Work request - If a line in the entries contains the word "Import", list it.

[Stored items]
(* For every fixed $d\ge 0$, the class $\mathcal{S}_d$ is monotone and tiny.
   Context: For $d\ge0$, $\mathcal{S}_d$ is the class of all graphs $G$ such that for every integer $k$ with $1000^{10(d+1)}\le k\le |V(G)|$, every $k$-vertex subgraph of $G$ has at most $k-1+k/\ln k$ edges. A class is monotone if closed under isomorphism and under taking subgraphs; it is tiny if it is hereditary (closed under induced subgraphs) and there is a constant $c$ such that for every $n$ it contains at most $c^n$ unlabeled (up to isomorphism) $n$-vertex graphs. *)

From Stdlib Require Import Reals.
From mathcomp Require Import all_boot.
From mathcomp Require Import perm boolp.

Set Implicit Arguments.
Unset Strict Implicit.
Unset Printing Implicit Defensive.

Definition simple_graph (T : finType) (e : rel T) : Prop :=
  (forall x y, e x y = e y x) /\ (forall x, e x x = false).

(* A class of graphs. Membership is only meaningful for simple graphs. *)
Definition graph_class := forall T : finType, rel T -> Prop.

Definition edges (T : finType) (e : rel T) : {set {set T}} :=
  [set [set x; y] | x in T, y in T & e x y].

Definition is_subgraph (T : finType) (e : rel T) (S : {set T})
  (F : {set {set T}}) : Prop :=
  F \subset edges e /\ (forall f, f \in F -> f \subset S).

Definition S_class (d : nat) : graph_class :=
  fun T e => simple_graph e /\
    forall k : nat, 1000 ^ (10 * (d + 1)) <= k <= #|T| ->
    forall (S : {set T}) (F : {set {set T}}),
      #|S| = k -> is_subgraph e S F ->
      Rle (INR #|F|)
          (Rplus (Rminus (INR k) R1) (Rdiv (INR k) (ln (INR k)))).

Definition iso_closed (C : graph_class) : Prop :=
  forall (T T' : finType) (e : rel T) (e' : rel T'),
    simple_graph e' -> C T e ->
    (exists f : T' -> T, bijective f /\ forall x y, e' x y = e (f x) (f y)) ->
    C T' e'.

(* Closed under (not necessarily induced) subgraphs, up to isomorphism:
   H is a subgraph of G iff H embeds injectively in G preserving edges. *)
Definition subgraph_closed (C : graph_class) : Prop :=
  forall (T T' : finType) (e : rel T) (e' : rel T'),
    simple_graph e' -> C T e ->
    (exists f : T' -> T, injective f /\ forall x y, e' x y -> e (f x) (f y)) ->
    C T' e'.

Definition induced_closed (C : graph_class) : Prop :=
  forall (T T' : finType) (e : rel T) (e' : rel T'),
    simple_graph e' -> C T e ->
    (exists f : T' -> T, injective f /\ forall x y, e' x y = e (f x) (f y)) ->
    C T' e'.

Definition monotone (C : graph_class) : Prop :=
  iso_closed C /\ subgraph_closed C.

Definition hereditary (C : graph_class) : Prop :=
  iso_closed C /\ induced_closed C.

Answer space -
From Stdlib Require Import Reals.
From mathcomp Require Import all_boot.
From mathcomp Require Import perm boolp.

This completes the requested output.